OPEC+ to Saudis: ‘You Keep Cutting, We’ll Keep Producing’

 | Jun 05, 2023 04:37

For the benefit of the rolling cameras, Saudi Energy Minister Prince Abdulaziz bin Salman triumphantly declared that the rest of OPEC+ will keep to promised oil cuts till 2024 while the kingdom itself will slash an additional million barrels per day next month. Beaming, he added:

“It is really a great day for us because the quality of the agreement is unprecedented and I would have to say the quality of cooperation is unprecedented.”

The OPEC+ delegates around him were smiling, too, probably because they knew they’d be producing while the Saudis were vowing to double down on cuts.

The journalists in the room scribbled into their notepads, wondering but probably afraid to ask the obvious of the prince, who despises dissenting reporters as much as he hates the short-sellers in oil. And that question would be:

“Your Excellency, doesn’t this deal actually suck for the Saudis?”

The real deal of the just-concluded OPEC+ meeting, held in person for only the second time since the pandemic, was there was no unprecedented deal — not at least the kind described by Abdulaziz.

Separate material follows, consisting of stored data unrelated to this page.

(* Let $A\in\mathbb{Z}^{d\times n}$, $\mathbf{b}\in\mathbb{Z}^d$, $\mathbf{c}\in\mathbb{Z}^n$, $\mathbf{u}\in\mathbb{Z}_{\ge0}^n$. Let $\mathbf{x}_k$ be feasible and let $\alpha_1\mathbf{z}_1,\dots,\alpha_j\mathbf{z}_j$ ($j\ge2$) be successive steepest-descent augmentations, i.e. $\alpha_i\mathbf{z}_i$ is a steepest-descent augmentation relative to $\mathbf{x}_k+\sum_{l<i}\alpha_l\mathbf{z}_l$ for each $i$. If $\mathbf{z}_1$ and $\mathbf{z}_j$ do not have the same sign pattern, then $-\mathbf{c}^\top\mathbf{z}_1/\|\mathbf{z}_1\|_1\ >\ -\mathbf{c}^\top\mathbf{z}_j/\|\mathbf{z}_j\|_1$.
   Context: Feasible means $A\mathbf{x}=\mathbf{b}$, $\mathbf{0}\le\mathbf{x}\le\mathbf{u}$, $\mathbf{x}\in\mathbb{Z}^n$. A steepest-descent augmentation relative to a feasible $\mathbf{x}$ is $\alpha\mathbf{s}$ where $\mathbf{s}\in\mathbb{Z}^n\setminus\{\mathbf{0}\}$, $A\mathbf{s}=\mathbf{0}$, $\mathbf{c}^\top\mathbf{s}<0$, $\alpha$ is a positive integer with $\mathbf{x}+\alpha\mathbf{s}$ feasible, and $-\mathbf{c}^\top\mathbf{s}/\|\mathbf{s}\|_1\ge-\mathbf{c}^\top\mathbf{z}/\|\mathbf{z}\|_1$ for every $\mathbf{z}\in\mathbb{Z}^n\setminus\{\mathbf{0}\}$ with $A\mathbf{z}=\mathbf{0}$ and $\mathbf{x}+\mathbf{z}$ feasible. Two vectors $\mathbf{v},\mathbf{w}\in\mathbb{R}^n$ have the same sign pattern if $v_iw_i\ge0$ for all $i$ (i.e. there is no coordinate in which one is positive and the other negative). *)

From HB Require Import structures.
From mathcomp Require Import all_boot all_order all_algebra.
Set Implicit Arguments. Unset Strict Implicit. Unset Printing Implicit Defensive.
Import Order.TTheory GRing.Theory Num.Theory.
Local Open Scope ring_scope.

Definition feasible (d n : nat) (A : 'M[int]_(d, n)) (b : 'cV[int]_d)
  (u : 'cV[int]_n) (x : 'cV[int]_n) : Prop :=
  A *m x = b /\ (forall i : 'I_n, 0 <= x i 0 /\ x i 0 <= u i 0).

Definition cdot (n : nat) (c z : 'cV[int]_n) : int := \sum_(i < n) c i 0 * z i 0.

Definition l1norm (n : nat) (z : 'cV[int]_n) : int := \sum_(i < n) `|z i 0|.

Definition descent_ratio (n : nat) (c z : 'cV[int]_n) : rat :=
  (- cdot c z)%:~R / (l1norm z)%:~R.

Definition sd_augmentation (d n : nat) (A : 'M[int]_(d, n)) (b : 'cV[int]_d)
  (c u : 'cV[int]_n) (x : 'cV[int]_n) (alpha : int) (s : 'cV[int]_n) : Prop :=
  s != 0 /\ A *m s = 0 /\ cdot c s < 0 /\ 0 < alpha /\
      feasible A b u (x + alpha *: s) /\
      (forall z : 'cV[int]_n, z != 0 -> A *m z = 0 -> feasible A b u (x + z) ->
        descent_ratio c z <= descent_ratio c s).

Definition same_sign_pattern (n : nat) (v w : 'cV[int]_n) : Prop :=
  forall i : 'I_n, 0 <= v i 0 * w i 0.

(* If s is steepest from x
   and t is steepest from x + a s, then a s + t is admissible from x, and since
   the 1-norm is subadditive its ratio is at least the mediant of those of s and
   t; so the ratios of successive steepest-descent steps never increase.  If the
   last ratio were at least the first, z_1 would have the least ratio of all
   steps.  The combined step a_1 z_1 + ... + a_(j-2) z_(j-2) + z_(j-1) is
   admissible from x_k, and optimality of z_1 then forces its 1-norm to be the
   full weighted sum of the ||z_i||_1, i.e. no cancellation; but z_1 and
   z_(j-1) have opposite signs in some coordinate. *)
From HB Require Import structures.
From mathcomp Require Import all_boot all_order all_algebra zify.
Import Order.TTheory GRing.Theory Num.Theory.
Local Open Scope ring_scope.
Set Implicit Arguments. Unset Strict Implicit.

Lemma cdotE n (c v : 'cV[int]_n) : cdot c v = (c^T *m v) 0 0.
Proof. by rewrite mxE; apply: eq_bigr => i _; rewrite mxE. Qed.

Lemma cdot0r n (c : 'cV[int]_n) : cdot c 0 = 0.
Proof. by rewrite cdotE mulmx0 mxE. Qed.

Lemma cdot_neq0 n (c v : 'cV[int]_n) : cdot c v != 0 -> v != 0.
Proof. by apply: contraNneq => ->; rewrite cdot0r. Qed.

Lemma cdotDZ n (c v w : 'cV[int]_n) a :
  cdot c (a *: v + w) = a * cdot c v + cdot c w.
Proof. by rewrite !cdotE mulmxDr -scalemxAr !mxE. Qed.

Lemma cdot_sum n (c : 'cV[int]_n) m (g : nat -> int) (v : nat -> 'cV[int]_n) :
  cdot c (\sum_(i < m) g i *: v i) = \sum_(i < m) g i * cdot c (v i).
Proof.
rewrite cdotE mulmx_sumr summxE; apply: eq_bigr => i _.
by rewrite -scalemxAr mxE -cdotE.
Qed.

Lemma l1norm0 n : l1norm (0 : 'cV[int]_n) = 0.
Proof. by rewrite /l1norm big1 // => i _; rewrite mxE. Qed.

Lemma l1norm_ge0 n (v : 'cV[int]_n) : 0 <= l1norm v.
Proof. exact: sumr_ge0. Qed.

Lemma l1norm_gt0 n (v : 'cV[int]_n) : v != 0 -> 0 < l1norm v.
Proof.
move=> v0; rewrite lt_def l1norm_ge0 andbT; apply: contra v0 => /eqP N0.
apply/eqP/matrixP => i k; rewrite ord1 mxE; apply/eqP; rewrite -normr_eq0; apply/eqP.
exact: (psumr_eq0P _ N0).
Qed.

Lemma l1normDZ n (v w : 'cV[int]_n) a :
  0 <= a -> l1norm (a *: v + w) <= a * l1norm v + l1norm w.
Proof.
move=> a0; rewrite /l1norm mulr_sumr -big_split /=; apply: ler_sum => i _.
by rewrite !mxE (le_trans (ler_normD _ _)) // normrM ger0_norm.
Qed.

Lemma ltr_norm_sum_cancel m (a : 'I_m -> int) p q :
  p != q -> a p * a q < 0 -> `|\sum_i a i| < \sum_i `|a i|.
Proof.
move=> pq apq.
rewrite [X in `|X| < _](bigD1 p) //= [X in `|_ + X| < _](bigD1 q) 1?eq_sym //=.
rewrite [X in _ < X](bigD1 p) //= [X in _ < _ + X](bigD1 q) 1?eq_sym //=.
set r := \sum_(i | _ && _) a i; set R := \sum_(i | _ && _) `|a i|.
have : `|r| <= R by exact: ler_norm_sum.
nia.
Qed.

Lemma l1norm_sum_cancel n m (g : nat -> int) (v : nat -> 'cV[int]_n) (p q : 'I_m) k :
  (forall i, 0 <= g i) -> p != q -> (g p * v p k 0) * (g q * v q k 0) < 0 ->
  l1norm (\sum_(i < m) g i *: v i) < \sum_(i < m) g i * l1norm (v i).
Proof.
move=> g0 pq vk.
have -> : \sum_(i < m) g i * l1norm (v i) = \sum_(l < n) \sum_(i < m) `|g i * v i l 0|.
  rewrite exchange_big; apply: eq_bigr => i _; rewrite mulr_sumr.
  by apply: eq_bigr => l _; rewrite normrM ger0_norm.
rewrite /l1norm (bigD1 k) //= [ltRHS](bigD1 k) //=.
have coord l : (\sum_(i < m) g i *: v i) l 0 = \sum_(i < m) g i * v i l 0.
  by rewrite summxE; apply: eq_bigr => i _; rewrite mxE.
apply: ltr_leD; first by rewrite coord; exact: ltr_norm_sum_cancel vk.
by apply: ler_sum => l _; rewrite coord ler_norm_sum.
Qed.

Lemma le_descent_ratio n (c v w : 'cV[int]_n) : v != 0 -> w != 0 ->
  (descent_ratio c v <= descent_ratio c w) =
  (- cdot c v * l1norm w <= - cdot c w * l1norm v).
Proof.
move=> /l1norm_gt0 v0 /l1norm_gt0 w0.
rewrite /descent_ratio ler_pdivrMr ?ltr0z // mulrAC.
by rewrite ler_pdivlMr ?ltr0z // -!intrM ler_int.
Qed.

Lemma feasible_unit_step d n (A : 'M[int]_(d, n)) b u (x s : 'cV[int]_n) a :
  feasible A b u x -> feasible A b u (x + a *: s) -> 0 < a -> A *m s = 0 ->
  feasible A b u (x + s).
Proof.
move=> [Ax xb] [_ xsb] a0 As; split; first by rewrite mulmxDr Ax As addr0.
move=> i; have := xb i; have := xsb i; rewrite !mxE.
move: (x i 0) (s i 0) (u i 0) => X S U; nia.
Qed.

Section SteepestDescent.
Variables (d n : nat) (A : 'M[int]_(d, n)) (b : 'cV[int]_d) (c u : 'cV[int]_n).

Lemma sd_augmentation_ratio_le (x s t : 'cV[int]_n) a a' :
  sd_augmentation A b c u x a s -> sd_augmentation A b c u (x + a *: s) a' t ->
  descent_ratio c t <= descent_ratio c s.
Proof.
move=> [s0 [As [cs [a0 [xs best]]]]] [t0 [At [ct [a'0 [xst _]]]]].
set w := a *: s + t.
have cw : cdot c w = a * cdot c s + cdot c t by exact: cdotDZ.
have Nw : l1norm w <= a * l1norm s + l1norm t by apply: l1normDZ; exact: ltW.
have Aw : A *m w = 0 by rewrite mulmxDr -scalemxAr As At scaler0 addr0.
have w0 : w != 0 by apply/(@cdot_neq0 _ c)/ltr0_neq0; rewrite cw; nia.
have /(_ w w0 Aw) := best; rewrite addrA => /(_ (feasible_unit_step xs xst a'0 At)).
rewrite !le_descent_ratio //.
have := l1norm_gt0 s0; have := l1norm_gt0 t0; nia.
Qed.

Lemma sd_augmentation_l1norm_sum x a s m (g : nat -> int) (v : nat -> 'cV[int]_n) :
  let w := \sum_(i < m) g i *: v i in
  sd_augmentation A b c u x a s -> A *m w = 0 -> feasible A b u (x + w) ->
  (forall i : 'I_m, 0 <= g i) -> (forall i : 'I_m, v i != 0) ->
  (forall i : 'I_m, descent_ratio c s <= descent_ratio c (v i)) ->
  \sum_(i < m) g i * l1norm (v i) <= l1norm w.
Proof.
move=> w [s0 [_ [cs [_ [_ best]]]]] Aw xw g0 v0 ratio_v.
have Ps : 0 < - cdot c s by rewrite oppr_gt0.
have lower : - cdot c s * \sum_(i < m) g i * l1norm (v i) <= - cdot c w * l1norm s.
  rewrite /w cdot_sum mulr_sumr mulNr mulr_suml -[leRHS]sumrN; apply: ler_sum => i _.
  have := ratio_v i; rewrite le_descent_ratio //; have := g0 i; nia.
have upper : - cdot c w * l1norm s <= - cdot c s * l1norm w.
  have [->|w0] := eqVneq w 0; first by rewrite cdot0r l1norm0 oppr0 mul0r mulr0.
  by rewrite -le_descent_ratio //; exact: best.
by rewrite -(ler_pM2l Ps) (le_trans lower upper).
Qed.

End SteepestDescent.

Section SuccessiveAugmentations.
Variables (d n : nat) (A : 'M[int]_(d, n)) (b : 'cV[int]_d) (c u xk : 'cV[int]_n).
Variables (j : nat) (alpha : nat -> int) (z : nat -> 'cV[int]_n).
Hypothesis augment : forall i, (i < j)%N ->
  sd_augmentation A b c u (xk + \sum_(l < i) alpha l *: z l) (alpha i) (z i).

Lemma successive_sd_ratio_antitone i k : (i <= k < j)%N ->
  descent_ratio c (z k) <= descent_ratio c (z i).
Proof.
elim: k => [|k IH] /andP[ik kj]; first by move: ik; rewrite leqn0 => /eqP->.
move: ik; rewrite leq_eqVlt => /orP[/eqP->//|ik].
apply: (le_trans _ (IH _)); last by rewrite -ltnS ik ltnW.
have := augment kj; rewrite big_ord_recr /= addrA.
exact: sd_augmentation_ratio_le (augment (ltnW kj)).
Qed.

Lemma successive_sd_feasible_unit_step i : (0 < i < j)%N ->
  feasible A b u (xk + \sum_(l < i) alpha l *: z l + z i).
Proof.
case: i => [|i] // /andP[_ ij]; have [_ [Az [_ [a0 [xz _]]]]] := augment ij.
have [_ [_ [_ [_ [xi _]]]]] := augment (ltnW ij).
by apply: (feasible_unit_step _ xz a0 Az); rewrite big_ord_recr addrA.
Qed.

End SuccessiveAugmentations.

Section LastUnitStep.
Variables (d n : nat) (A : 'M[int]_(d, n)) (b : 'cV[int]_d) (c u xk : 'cV[int]_n).
Variables (m : nat) (alpha : nat -> int) (z : nat -> 'cV[int]_n).
Hypothesis augment : forall i, (i < m.+2)%N ->
  sd_augmentation A b c u (xk + \sum_(l < i) alpha l *: z l) (alpha i) (z i).

Definition last_unit_weight i := if (i < m.+1)%N then alpha i else 1.

Lemma last_unit_weight_ge0 i : 0 <= last_unit_weight i.
Proof.
rewrite /last_unit_weight; case: ifP => // /ltnW im.
by have [_ [_ [_ [/ltW]]]] := augment im.
Qed.

Lemma successive_sd_combined_l1norm :
  descent_ratio c (z 0%N) <= descent_ratio c (z m.+1) ->
  \sum_(i < m.+2) last_unit_weight i * l1norm (z i)
    <= l1norm (\sum_(i < m.+2) last_unit_weight i *: z i).
Proof.
move=> ratio_last.
have := augment (isT : 0 < m.+2)%N; rewrite big_ord0 addr0 => /sd_augmentation_l1norm_sum.
apply.
- rewrite mulmx_sumr big1 // => i _; have [_ [Az _]] := augment (ltn_ord i).
  by rewrite -scalemxAr Az scaler0.
- rewrite big_ord_recr /= {2}/last_unit_weight ltnn scale1r addrA.
  rewrite (eq_bigr (fun l : 'I_m.+1 => alpha l *: z l)) => [|i _]; last first.
    by rewrite /last_unit_weight /= ltn_ord.
  by apply: (successive_sd_feasible_unit_step augment) => /=.
- move=> i; exact: last_unit_weight_ge0.
- by move=> i; have [] := augment (ltn_ord i).
- move=> i; apply: (le_trans ratio_last); apply: (successive_sd_ratio_antitone augment).
  by rewrite leq_ord ltnSn.
Qed.

End LastUnitStep.

Unset Implicit Arguments. Set Strict Implicit.

Theorem lemma5 (d n : nat) (A : 'M[int]_(d, n)) (b : 'cV[int]_d)
  (c u : 'cV[int]_n) (xk : 'cV[int]_n) (j : nat)
  (alpha : nat -> int) (z : nat -> 'cV[int]_n) :
  (forall i : 'I_n, 0 <= u i 0) ->
  feasible A b u xk ->
  (2 <= j)%N ->
  (forall i : nat, (i < j)%N ->
     sd_augmentation A b c u (xk + \sum_(l < i) alpha l *: z l) (alpha i) (z i)) ->
  ~ same_sign_pattern (z 0%N) (z j.-1) ->
  descent_ratio c (z j.-1) < descent_ratio c (z 0%N).
Proof.
move=> _ _; case: j => [|[|m]] //= _ augment not_same.
have [k zk] : exists k, z 0%N k 0 * z m.+1 k 0 < 0.
  by apply/existsP; apply: contra_notT not_same => /existsPn zk i; rewrite leNgt zk.
rewrite ltNge; apply/negP => ratio_last.
set g := last_unit_weight m alpha.
have cancel : (g 0%N * z 0%N k 0) * (g m.+1 * z m.+1 k 0) < 0.
  have [_ [_ [_ [alpha0 _]]]] := augment 0%N isT.
  by rewrite /g /last_unit_weight /= ltnn mul1r; nia.
have ord0_max : ord0 != ord_max :> 'I_m.+2 by [].
have := l1norm_sum_cancel (last_unit_weight_ge0 augment) ord0_max cancel.
by rewrite ltNge (successive_sd_combined_l1norm augment).
Qed.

This is because, in the three years since the COVID outbreak that took oil prices to minus $40 per barrel, demand for the commodity is almost back to pre-pandemic levels, with several caveats though. And those are:

  • Slower-than-anticipated oil demand in top importer China
  • Fears of a global recession
  • Inflation in the United States that refuses to go down as quickly as the authorities want, despite more than a year of aggressive rate hikes by the Federal Reserve

Enter OPEC+ and its production cuts.

Oil revenue is the lifeblood of the economies in OPEC, or the Organization of the Petroleum Exporting Countries, a 13-member Saudi-led group whose main objective is to be the price-setter of the commodity.

Ten other oil-producing states, including Russia that aren’t OPEC members have also been keeping their output closely in line with the group’s for the sake of price. The 23-nation alliance is collectively known as OPEC+.

For core OPEC members like Kuwait and Iraq, more than 90% of all their revenue comes from oil. In the United Arab Emirates, oil accounts for 13% of exports and 30% of GDP, and in Algeria, it’s 25% of GDP.

In Saudi Arabia, OPEC’s largest member, oil accounts for 70% of total export value and 53% of government revenue. That’s not all. Media reports say the Saudis need at least $500 billion or as much as $8.5 trillion (the numbers keep fluctuating) to successfully diversify their economy away from oil.

Thus, it’s easy to see why OPEC — particularly Saudi Arabia, which needs a barrel at more than $80 to realize its ambitious plans — would go to any extent to get the price it wants.